The attack occurred last February; rumors had been heard for weeks that the company was conducting some investigations into an alleged cyberattack. But it was not until February 23 that everything came to light, in a set of statements from the company, data from researchers from security firms, and the cybercriminal group itself.

So far, it is known that among the stolen information are passwords of NVIDIA’s employees and data of several of its patented technologies. As they reported in a statement: “We have no evidence of ransomware being deployed on the NVIDIA environment or that this is related to the Russia-Ukraine conflict,” they said. “However, we are aware that the threat actor took employee passwords and some NVIDIA proprietary information from our systems and has begun leaking it online.”

The group of cybercriminals behind this attack

According to the dark web intelligence firm DarkTracer, the group claiming responsibility for this attack is LAPSUS$, an extortionist gang that is also the perpetrator of this year’s attacks on Impresa, Localiza, Claro, and Embratel. They exposed the attack in their group on Telegram and clarified that they were going to leak classified information unless a “ransom” was paid.

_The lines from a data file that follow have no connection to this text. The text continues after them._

Lemma step_odd_position t : t <= i.-1 ->
  step (Kab a b) (odd_position t) = even_position (t.+1 %% i).
Proof.
move=> le_t; rewrite (step_class_position (nA := 0) (nB := class_size i b t)).
- apply: eq_class_position => g le_g.
    by rewrite leqNgt (rot_fired_lt i_gt0) ?subn0 ?(rot_fired_next i_gt0).
  by rewrite (rot_pred_fire i_gt0) // addn0 -(rot_pred_next i_gt0).
- apply: (@card_class0 i _ (fun g => b <= rot_fired b t g)) => g le_g.
  by rewrite -ltnNge (rot_fired_lt i_gt0).
- apply: (card_class i_gt0 (P := fun h => a <= (rot a t h).-1 + class_size i a t)) => // h.
  exact: (rot_pred_fire i_gt0).
Qed.

Lemma iterU_even_position k :
  iterU (Kab a b) (2 * k) (even_position 0) = even_position (k %% i) /\
  iterU (Kab a b) (2 * k).+1 (even_position 0) = odd_position (k %% i).
Proof.
have lt_mod n : n %% i <= i.-1 by have := ltn_pmod n i_gt0; lia.
elim: k => [|k [IH_even IH_odd]]; first by rewrite mod0n /iterU /= step_even_position.
have even_succ : iterU (Kab a b) (2 * k.+1) (even_position 0) = even_position (k.+1 %% i).
  rewrite mulnS /iterU iterS -/(iterU _ (2 * k).+1 _) IH_odd step_odd_position //.
  by rewrite -addn1 modnDml addn1.
by rewrite even_succ /iterU iterS -/(iterU _ (2 * k.+1) _) even_succ step_even_position.
Qed.

Lemma even_position_period : is_period (Kab a b) (even_position 0) (2 * i).
Proof.
apply: is_period_cycle => [||q q_gt0 lt_q]; first by lia.
  by rewrite (iterU_even_position i).1 modnn.
have [k [q_eq|q_eq]] : exists k, q = 2 * k \/ q = (2 * k).+1.
  by exists q./2; have := odd_double_half q; rewrite -mul2n; case: (odd q); lia.
  rewrite q_eq (iterU_even_position k).1 modn_small; last by lia.
  move=> /ffunP/(_ (inl u0)); rewrite !class_position_u0 /rot /=.
  by repeat case: ifP => ?; lia.
rewrite q_eq (iterU_even_position k).2 modn_small; last by lia.
move=> /ffunP/(_ (inl u0)); rewrite !class_position_u0 /rot /rot_fired /=.
by repeat case: ifP => ?; lia.
Qed.

End Constructions.
(* Let $f:A\to B$ be a ring homomorphism, $\mathfrak b$ an ideal of $B$, and $A\bowtie^f\mathfrak b:=\{(a,f(a)+b): a\in A,\ b\in\mathfrak b\}\subseteq A\times B$. For a maximal ideal $\mathfrak m$ of $A$ let $S_{\mathfrak m}:=f(A\setminus\mathfrak m)+\mathfrak b$ and $\mathfrak b_{S_{\mathfrak m}}:=\mathfrak bB_{S_{\mathfrak m}}$. Assume $\mathfrak b_{S_{\mathfrak m}}=\{0\}$ for every maximal ideal $\mathfrak m$ of $A$ containing $f^{-1}(\mathfrak b)$. If $A$ is a semi-hereditary ring (resp. a semi-hereditary Noetherian ring), $B_{\mathfrak n}$ is a valuation domain for every maximal ideal $\mathfrak n$ of $B$ not containing $\mathfrak b$, and $\mathfrak b$ is a coherent $A$-module (resp. a finitely generated $A$-module) with the structure induced by $f$, then $A\bowtie^f\mathfrak b$ is a semi-hereditary ring.
   Context: All rings are commutative with identity. A ring is semi-hereditary if every finitely generated ideal is projective. $\mathfrak b$ is an $A$-module via $a\cdot x=f(a)x$. A module is coherent if it is finitely generated and every finitely generated submodule is finitely presented. $B_{S_{\mathfrak m}}$ is the localization of $B$ at the multiplicative set $S_{\mathfrak m}$. *)

From HB Require Import structures.
From mathcomp Require Import all_boot all_order all_algebra.
From mathcomp Require Import ring.
Set Implicit Arguments. Unset Strict Implicit. Unset Printing Implicit Defensive.
Import Order.TTheory GRing.Theory Num.Theory.
Local Open Scope ring_scope.

Section Ideals.
Variable R : comPzRingType.

Definition is_ideal (I : R -> Prop) : Prop :=
  [/\ I 0, (forall x y, I x -> I y -> I (x - y)) & (forall r x, I x -> I (r * x))].

Definition maximal_ideal (m : R -> Prop) : Prop :=
  [/\ is_ideal m, ~ m 1 &
      forall J : R -> Prop, is_ideal J -> (forall x, m x -> J x) ->
        (forall x, J x <-> m x) \/ J 1].

Definition fg_ideal (I : R -> Prop) : Prop :=
  exists s : seq R, forall x,
    I x <-> exists c : 'I_(size s) -> R, x = \sum_(i < size s) c i * s`_i.

Definition noetherian : Prop := forall I : R -> Prop, is_ideal I -> fg_ideal I.

Definition is_unit (x : R) : Prop := exists y, x * y = 1.

Definition valuation_domain : Prop :=
  [/\ (1 : R) != 0,
      (forall x y : R, x * y = 0 -> x = 0 \/ y = 0) &
      (forall x y : R, (exists z, y = x * z) \/ (exists z, x = y * z))].
End Ideals.

Section Modules.
Variables (R : comPzRingType) (V : lmodType R).

Definition submodule (P : V -> Prop) : Prop :=
  [/\ P 0, (forall x y, P x -> P y -> P (x + y)) & (forall r x, P x -> P (r *: x))].

Definition in_span (s : seq V) (v : V) : Prop :=
  exists c : 'I_(size s) -> R, v = \sum_(i < size s) c i *: s`_i.

Definition fg_module (P : V -> Prop) : Prop :=
  exists s : seq V, forall v, P v <-> in_span s v.

Definition fin_presented (P : V -> Prop) : Prop :=
  exists s : seq V, (forall v, P v <-> in_span s v) /\
    exists t : seq 'rV[R]_(size s), forall c : 'rV[R]_(size s),
      (\sum_(i < size s) c ord0 i *: s`_i = 0) <->
      exists d : 'I_(size t) -> R, c = \sum_(j < size t) d j *: t`_j.

Definition coherent_module (P : V -> Prop) : Prop :=
  fg_module P /\
  forall Q : V -> Prop, submodule Q -> (forall v, Q v -> P v) ->
    fg_module Q -> fin_presented Q.

Definition linear_on (N : lmodType R) (P : V -> Prop) (h : V -> N) : Prop :=
  (forall x y, P x -> P y -> h (x + y) = h x + h y) /\
  (forall r x, P x -> h (r *: x) = r *: h x).

Definition projective_module (P : V -> Prop) : Prop :=
  forall (M N : lmodType R) (g : {linear M -> N}) (h : V -> N),
    (forall y, exists x, g x = y) -> linear_on P h ->
    exists k : V -> M, linear_on P k /\ forall x, P x -> g (k x) = h x.
End Modules.

Definition semi_hereditary (R : comPzRingType) : Prop :=
  forall I : R -> Prop, fg_ideal I -> projective_module (V := R^o) I.
Lemma continuity_pt_limit1_in f c (Dom : R -> Prop) :
  continuity_pt f c -> limit1_in f Dom (f c) c.
Proof.
  intros H eps Heps; destruct (H eps Heps) as [d [Hd Hs]].
  exists d; split; [exact Hd|]; intros s [_ Hsd].
  destruct (Req_dec_T c s) as [<-|Hne].
  - simpl; unfold Rdist; rewrite Rminus_diag, Rabs_R0; exact Heps.
  - apply Hs; split; [split; [exact I|exact Hne]|exact Hsd].
Qed.

Lemma limit1_in_scale_shift g f (Dom : R -> Prop) k l c :
  continuity_pt g c -> limit1_in f Dom l c ->
  limit1_in (fun t => g t * (f t + k)) Dom (g c * (l + k)) c.
Proof.
  intros Hg Hf; apply limit_mul; [exact (continuity_pt_limit1_in g c Dom Hg)|].
  apply limit_plus; [exact Hf|exact (limit_free (fun _ => k) Dom 0 c)].
Qed.

Lemma left_limit_continuity_pt f c : continuity_pt f c -> left_limit f c (f c).
Proof. intros H; apply left_limit_limit1_in, continuity_pt_limit1_in, H. Qed.

Lemma right_cont_at_le f c s : c < s -> right_cont_at f c ->
  (forall r, c < r <= s -> f s <= f r) -> f s <= f c.
Proof.
  intros Hcs Hf Hmono; apply Rnot_lt_le; intro Hlt.
  destruct (Hf (f s - f c)) as [d [Hd Hr]]; [lra|].
  set (r := c + Rmin d (s - c) / 2).
  assert (Hmin := Rmin_pos d (s - c) Hd ltac:(lra)).
  pose proof (Rmin_l d (s - c)); pose proof (Rmin_r d (s - c)).
  assert (Hr' := Hr r ltac:(unfold r; lra)); apply Rabs_def2 in Hr'.
  assert (Hs := Hmono r ltac:(unfold r; lra)); lra.
Qed.

Lemma left_limit_le f c L B : left_limit f c L ->
  (exists d, 0 < d /\ forall s, c - d < s < c -> f s <= B) -> L <= B.
Proof.
  intros Hf [d [Hd Hle]]; apply Rnot_lt_le; intro Hlt.
  destruct (Hf (L - B)) as [d' [Hd' Hs]]; [lra|].
  set (s := c - Rmin d d' / 2).
  assert (Hmin := Rmin_pos d d' Hd Hd').
  pose proof (Rmin_l d d'); pose proof (Rmin_r d d').
  assert (Hs' := Hs s ltac:(unfold s; lra)); apply Rabs_def2 in Hs'.
  assert (Hb := Hle s ltac:(unfold s; lra)); lra.
Qed.

Lemma nonincreasing_of_derivative_nonpos (w w' : R -> R) a b :
  (forall x, a < x < b -> derivable_pt_lim w x (w' x) /\ w' x <= 0) ->
  forall x y, a < x -> x <= y -> y < b -> w y <= w x.
Proof.
  intros H x y Hx [Hxy| ->] Hy; [|lra].
  destruct (MVT_cor2 w w' x y Hxy) as [c [Hc Hcxy]].
  - intros z Hz; apply H; lra.
  - assert (w' c <= 0) by (apply H; lra); nra.
Qed.

Lemma real_induction (w : R -> R) a b B : a <= b -> w a <= B ->
  (forall c, a <= c < b -> exists d, 0 < d /\ forall s, c < s < c + d -> w s <= w c) ->
  (forall c, a < c <= b -> (exists d, 0 < d /\ forall s, c - d < s < c -> w s <= B) ->
     w c <= B) ->
  forall t, a <= t <= b -> w t <= B.
Proof.
  intros Hab Ha Hright Hleft.
  set (S := fun t => a <= t <= b /\ forall s, a <= s <= t -> w s <= B).
  assert (Sa : S a) by (split; [lra|intros s Hs; replace s with a by lra; exact Ha]).
  destruct (completeness S) as [c [Hub Hlub]];
    [exists b; intros t [Ht _]; lra | exists a; exact Sa|].
  assert (Hac : a <= c) by (apply Hub, Sa).
  assert (Hcb : c <= b) by (apply Hlub; intros t [Ht _]; lra).
  assert (below : forall s, a <= s < c -> w s <= B).
  { intros s Hs; destruct (Rle_dec (w s) B) as [|Hws]; [assumption|exfalso].
    assert (c <= s); [|lra].
    apply Hlub; intros t [Ht Hw]; apply Rnot_lt_le; intro Hst; apply Hws, Hw; lra. }
  assert (Sc : S c).
  { split; [lra|]; intros s Hs.
    destruct (Req_dec_T s c) as [->|Hne]; [|apply below; lra].
    destruct (Req_dec_T c a) as [->|Hca]; [exact Ha|].
    apply Hleft; [lra|]; exists (c - a); split; [lra|]; intros s' Hs'; apply below; lra. }
  destruct (Rle_lt_or_eq_dec c b Hcb) as [Hlt| ->]; [exfalso|intros t Ht; apply Sc; lra].
  destruct (Hright c ltac:(lra)) as [d [Hd Hdec]].
  set (c' := Rmin (c + d / 2) b).
  assert (Hc'd : c' <= c + d / 2) by apply Rmin_l.
  assert (Hc'b : c' <= b) by apply Rmin_r.
  assert (Hcc' : c < c') by (apply Rmin_glb_lt; lra).
  assert (Sc' : S c').
  { split; [lra|]; intros s Hs; destruct (Rle_dec s c).
    - apply Sc; lra.
    - apply Rle_trans with (w c); [apply Hdec; lra|apply Sc; lra]. }
  pose proof (Hub c' Sc'); lra.
Qed.
(* Let $r_1,r_2,r_3,L,M>0$ with $r_2>\max(r_1,r_3)$, and let $\lambda_1,F,\varphi_1$ be as in the context. Let $c_A>2\sqrt{-\lambda_1}$, let $B,\tau\ge0$ and $T>0$, and let $A\in\mathcal C(\mathbb{R},[0,+\infty))$ with $A(t)=c_A(t-\tau)+B$ for $t\in[\tau,\tau+T)$. Let $r(t,x)=r_1$ if $x<A(t)$, $r_2$ if $A(t)\le x<A(t)+L$, $r_3$ if $x\ge A(t)+L$, and let $f$ be globally bounded in $(t,x)$, $\mathcal C^2$ in $u$, with $f(t,x,0)=0$, $\partial_uf(t,x,0)=r(t,x)$, $r(t,x)u\ge f(t,x,u)\ge r(t,x)u-Mu^2$ for $u\ge0$, $f(t,x,u)<0$ for $u>1$. Let $c=F(c_A)$ if $c_A<2\sqrt{r_1}+2\sqrt{-\lambda_1-r_1}$ and $c=2\sqrt{r_1}$ otherwise, $\lambda(c)=\frac12(c-\sqrt{c^2-4r_1})$, and $$\overline{u}(t,x)=\begin{cases}2 & x\le ct-\frac{\ln2}{\lambda(c)},\\ e^{-\lambda(c)(x-ct)} & ct-\frac{\ln2}{\lambda(c)}<x<c_At,\\ e^{-\lambda(c)(c_A-c)t}e^{-\frac{c_A(x-c_At)}{2}}\varphi_1\big(\frac{x-c_At}{L}\big) & x\ge c_At.\end{cases}$$ Then for every constant $C\ge1$, $(t,x)\mapsto C\overline{u}(t-\tau,x-B)$ is a (generalized) super-solution of $\partial_tu=\partial_{xx}u+f(t,x,u)$ for $t\in[\tau,\tau+T)$, $x\in\mathbb{R}$.
   Context: $\underline{L}=0$ if $r_1=r_3$, otherwise $\underline{L}=\frac{1}{\sqrt{r_2-\max(r_1,r_3)}}\operatorname{arccot}\big(\sqrt{\frac{r_2-\max(r_1,r_3)}{|r_1-r_3|}}\big)$. $\lambda_1=-\max(r_1,r_3)$ if $L\le\underline{L}$; if $L>\underline{L}$, $\lambda_1$ is the unique solution in $(-r_2,\min(-\max(r_1,r_3),\pi^2/L^2-r_2))$ of $\cot(L\sqrt{r_2+\lambda_1})=\frac{r_2+\lambda_1-\sqrt{(r_1+\lambda_1)(r_3+\lambda_1)}}{\sqrt{r_2+\lambda_1}(\sqrt{-r_1-\lambda_1}+\sqrt{-r_3-\lambda_1})}$. $F(c)=\frac{c-2\sqrt{-\lambda_1-r_1}}{2}+\frac{2r_1}{c-2\sqrt{-\lambda_1-r_1}}$. $\varphi_1$ (normalized by $\varphi_1(0)=1$): (1) if $L>\underline{L}$, with $C_3\in(0,\pi/2)$, $\cot C_3=\sqrt{(-r_1-\lambda_1)/(r_2+\lambda_1)}$: $\varphi_1(y)=e^{L\sqrt{-r_1-\lambda_1}y}$ ($y\le0$), $\sin(L\sqrt{r_2+\lambda_1}y+C_3)/\sin C_3$ ($0<y<1$), $\frac{\sin(L\sqrt{r_2+\lambda_1}+C_3)}{\sin C_3}e^{-L\sqrt{-r_3-\lambda_1}(y-1)}$ ($y\ge1$); (2) if $r_1<r_3$, $L\le\underline{L}$, with $C_3\in(0,\pi/2)$, $\cot C_3=\sqrt{(r_3-r_1)/(r_2-r_3)}$: $\varphi_1(y)=e^{L\sqrt{r_3-r_1}y}$ ($y\le0$), $\sin(L\sqrt{r_2-r_3}y+C_3)/\sin C_3$ ($0<y<1$), $\frac{\sin(L\sqrt{r_2-r_3}+C_3)+\sqrt{r_2-r_3}\cos(L\sqrt{r_2-r_3}+C_3)L(y-1)}{\sin C_3}$ ($y\ge1$); (3) if $r_1>r_3$, $L\le\underline{L}$: $\varphi_1(y)=\psi(1-y)/\psi(1)$ with $\psi$ the function of case (2) with $r_1,r_3$ interchanged. A (generalized) super-solution is a continuous, piecewise smooth function satisfying $\partial_t\overline u\ge\partial_{xx}\overline u+f(t,x,\overline u)$ in each smoothness region and $\partial_x\overline u(t,x^-)\ge\partial_x\overline u(t,x^+)$ across interfaces. *)

From Stdlib Require Import Reals Lra List.
From Coquelicot Require Import Coquelicot.
Open Scope R_scope.

Definition arccot (x : R) : R := PI / 2 - atan x.

Definition cot (x : R) : R := cos x / sin x.

Definition Lbar (r1 r2 r3 : R) : R :=
  if Req_EM_T r1 r3 then 0
  else / sqrt (r2 - Rmax r1 r3)
       * arccot (sqrt ((r2 - Rmax r1 r3) / Rabs (r1 - r3))).

Definition is_lambda1 (r1 r2 r3 L l : R) : Prop :=
  (L <= Lbar r1 r2 r3 -> l = - Rmax r1 r3) /\
  (Lbar r1 r2 r3 < L ->
     - r2 < l /\ l < Rmin (- Rmax r1 r3) (PI ^ 2 / L ^ 2 - r2) /\
     cot (L * sqrt (r2 + l)) =
       (r2 + l - sqrt ((r1 + l) * (r3 + l)))
       / (sqrt (r2 + l) * (sqrt (- r1 - l) + sqrt (- r3 - l)))).

Definition Ffun (r1 lam1 c : R) : R :=
  (c - 2 * sqrt (- lam1 - r1)) / 2 + 2 * r1 / (c - 2 * sqrt (- lam1 - r1)).

(** The function psi of case (2) (requires r1 < r3, L <= Lbar). *)
Definition psi2 (r1 r2 r3 L y : R) : R :=
  let C3 := arccot (sqrt ((r3 - r1) / (r2 - r3))) in
  if Rle_dec y 0 then exp (L * sqrt (r3 - r1) * y)
  else if Rlt_dec y 1 then sin (L * sqrt (r2 - r3) * y + C3) / sin C3
  else (sin (L * sqrt (r2 - r3) + C3)
        + sqrt (r2 - r3) * cos (L * sqrt (r2 - r3) + C3) * L * (y - 1))
       / sin C3.
(* Let $n,k\ge1$ and let $\bar x,\bar y\in\mathbb{Z}/2^{n+k-1}\mathbb{Z}$. There is an arrow (of either colour) from $\overline{H}_{M_k}(\bar x)$ to $\overline{H}_{M_k}(\bar y)$ in $\Gamma_{2^n}$ if and only if there exist $\bar a\in[\bar x]$ and $\bar b\in[\bar y]$ with an arrow $\bar a\to\bar b$ in $\Gamma_{2^{n+k-1}}$. Moreover, in that case the arrows of $\Gamma_{2^{n+k-1}}$ from elements of $[\bar x]$ to elements of $[\bar y]$ define a bijection $[\bar x]\to[\bar y]$ (each element of $[\bar x]$ has exactly one such outgoing arrow and each element of $[\bar y]$ exactly one such incoming arrow).
   Context: $T(x)=x/2$ for $x$ even, $T(x)=(3x+1)/2$ for $x$ odd, extended to $\mathbb{Z}_2$; $T_0(x)=x/2$, $T_1(x)=(3x+1)/2$. $\Gamma_d$ is the directed graph on $\mathbb{Z}/d\mathbb{Z}$ with a black arrow $r\to s$ iff there exist positive integers $x\equiv r$, $y\equiv s\pmod d$ with $x$ even and $T_0(x)=y$, and a red arrow $r\to s$ iff there exist such $x,y$ with $x$ odd and $T_1(x)=y$. The parity vector map $\Phi^{-1}:\mathbb{Z}_2\to\mathbb{Z}_2$ is $\Phi^{-1}(x)=\sum_{i\ge0}(T^i(x)\bmod 2)2^i$; it is a bijection with inverse $\Phi$. For $k\ge1$, $M_k(\sum_i a_i2^i)=\sum_i m_i2^i$ with $m_i\equiv a_i+\cdots+a_{i+k-1}\pmod2$, and $H_{M_k}=\Phi\circ M_k\circ\Phi^{-1}$, which commutes with $T$. The residue of $H_{M_k}(x)$ mod $2^n$ depends only on $x$ mod $2^{n+k-1}$; $\overline{H}_{M_k}:\mathbb{Z}/2^{n+k-1}\mathbb{Z}\to\mathbb{Z}/2^n\mathbb{Z}$ is the induced map, and $[\bar x]=\overline{H}_{M_k}^{-1}(\{\overline{H}_{M_k}(\bar x)\})$. *)

From mathcomp Require Import all_boot.
From Stdlib Require Import ClassicalEpsilon.
Set Implicit Arguments. Unset Strict Implicit. Unset Printing Implicit Defensive.

(* 2-adic integers represented by their binary digit streams:
   x = sum_i (x i) 2^i. *)
Definition Z2 := nat -> bool.

Fixpoint trunc (x : Z2) (m : nat) : nat :=
  if m is m'.+1 then trunc x m' + x m' * 2 ^ m' else 0.

Definition of_nat (r : nat) : Z2 := fun i => odd (r %/ 2 ^ i).

Definition Tnat (x : nat) : nat := if odd x then (3 * x + 1)./2 else x./2.

(* Its (unique continuous) extension to Z_2: T(x) mod 2^(i+1) only depends
   on x mod 2^(i+2), so bit i of T(x) is bit i of Tnat (x mod 2^(i+2)). *)
Definition T (x : Z2) : Z2 := fun i => odd (Tnat (trunc x i.+2) %/ 2 ^ i).

Definition PhiInv (x : Z2) : Z2 := fun i => iter i T x 0.

(* Phi = inverse of Phi^{-1} (a bijection of Z_2) *)
Definition Phi (v : Z2) : Z2 :=
  epsilon (inhabits (fun _ : nat => false)) (fun x : Z2 => PhiInv x = v).

Definition Mk (k : nat) (a : Z2) : Z2 :=
  fun i => odd (\sum_(j < k) nat_of_bool (a (i + j))).

Definition HM (k : nat) (x : Z2) : Z2 := Phi (Mk k (PhiInv x)).

(* induced map Z/2^(n+k-1) -> Z/2^n (residues represented by naturals < modulus) *)
Definition HMbar (n k r : nat) : nat := trunc (HM k (of_nat r)) n.

Definition inClass (n k x a : nat) : Prop :=
  a < 2 ^ (n + k - 1) /\ HMbar n k a = HMbar n k x.

Definition black_arrow (d r s : nat) : Prop :=
  exists x y : nat, [/\ 0 < x, 0 < y, x %% d = r, y %% d = s
                      & ~~ odd x /\ x./2 = y].
Definition red_arrow (d r s : nat) : Prop :=
  exists x y : nat, [/\ 0 < x, 0 < y, x %% d = r, y %% d = s
                      & odd x /\ (3 * x + 1)./2 = y].
Definition arrow (d r s : nat) : Prop := black_arrow d r s \/ red_arrow d r s.

From mathcomp Require Import all_boot zify.
From Stdlib Require Import ClassicalEpsilon FunctionalExtensionality.

(* The proof works with parity vectors.  Write parity a for the bit stream
   i |-> (T^i a mod 2) of a natural number a.

   1. Terras' theorem: T^i (s + 2^m c) = T^i s + 2^(m-i) c' with c' of the
      parity of c, hence a |-> (parity a i)_(i<m) is a bijection from
      [0, 2^m) onto the words of length m.  Consequently (arrow_pow2) there is
      an arrow r -> s in Gamma_(2^m) iff the parity word of s is the parity
      word of r shifted by one letter (the last letter of s being free).
   2. On 2-adic digit streams, PhiInv x agrees with parity (x mod 2^m) below
      m; so Phi is a right inverse of PhiInv and the parity word of
      HMbar n k a is the word of sliding parities Mk k (parity a) below n.
   3. Pure combinatorics of words of length N = n + k (window length k + 1):
      shifting a word shifts its window parities, and the one free letter of
      a shift is pinned down by one window parity (the last window for a
      forward shift, the first one for a backward shift).
   The theorem follows: the classes [x], [y] are the words with prescribed
   windows below n, and arrows between them are shifts. *)

Definition parity (a i : nat) : bool := odd (iter i Tnat a).

Lemma parity_Tnat a i : parity (Tnat a) i = parity a i.+1.
Proof. by rewrite /parity iterSr. Qed.

Lemma Tnat_perturb s j c :
  exists c', Tnat (s + 2 ^ j.+1 * c) = Tnat s + 2 ^ j * c' /\ odd c' = odd c.
Proof.
rewrite expnS -mulnA; set X := 2 ^ j * c.
rewrite /Tnat oddD oddM /= addbF.
case: (odd s).
- by exists (3 * c); split; [rewrite /X; lia | rewrite oddM].
- by exists c; split; [rewrite /X; lia |].
Qed.

Lemma iter_Tnat_perturb i j s c : i <= j ->
  exists c', iter i Tnat (s + 2 ^ j * c) = iter i Tnat s + 2 ^ (j - i) * c'
             /\ odd c' = odd c.
Proof.
elim: i => [|i IH] le_ij; first by exists c; rewrite subn0.
have [c' [E odd_c']] := IH (ltnW le_ij).
have [c'' [E' odd_c'']] := Tnat_perturb (iter i Tnat s) (j - i.+1) c'.
exists c''; split; last by rewrite odd_c'' odd_c'.
rewrite !iterS E.
have -> : j - i = (j - i.+1).+1 by lia.
by rewrite E'.
Qed.

Lemma parity_perturb_low s c m i : i < m -> parity (s + 2 ^ m * c) i = parity s i.
Proof.
move=> lt_im; have [c' [E _]] := @iter_Tnat_perturb i m s c (ltnW lt_im).
by rewrite /parity E oddD oddM oddX subn_eq0 leqNgt lt_im /= addbF.
Qed.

Another thing this group reported was that NVIDIA had hacked back and encrypted the plundered data with ransomware, adding it eventually recovered the files from a backup. So their requests changed, and now they require the company to release a software update that removes the Lite Hash Rate (LHR) technology in its graphics cards, which is designed to reduce the Ethereum mining rate by 50% and prevent cryptocurrency miners from buying the gaming-focused GPUs.

In the message sent through the group in Telegram, it is quoted: “We request that NVIDIA commits to completely open-source (and distribute under a FOSS license) their GPU drivers for Windows, macOS, and Linux, from now on and forever.” But none of this has stopped NVIDIA from continuing its processes as they said in a statement: “We do not anticipate any disruption to our business or our ability to serve our customers as a result of the incident.”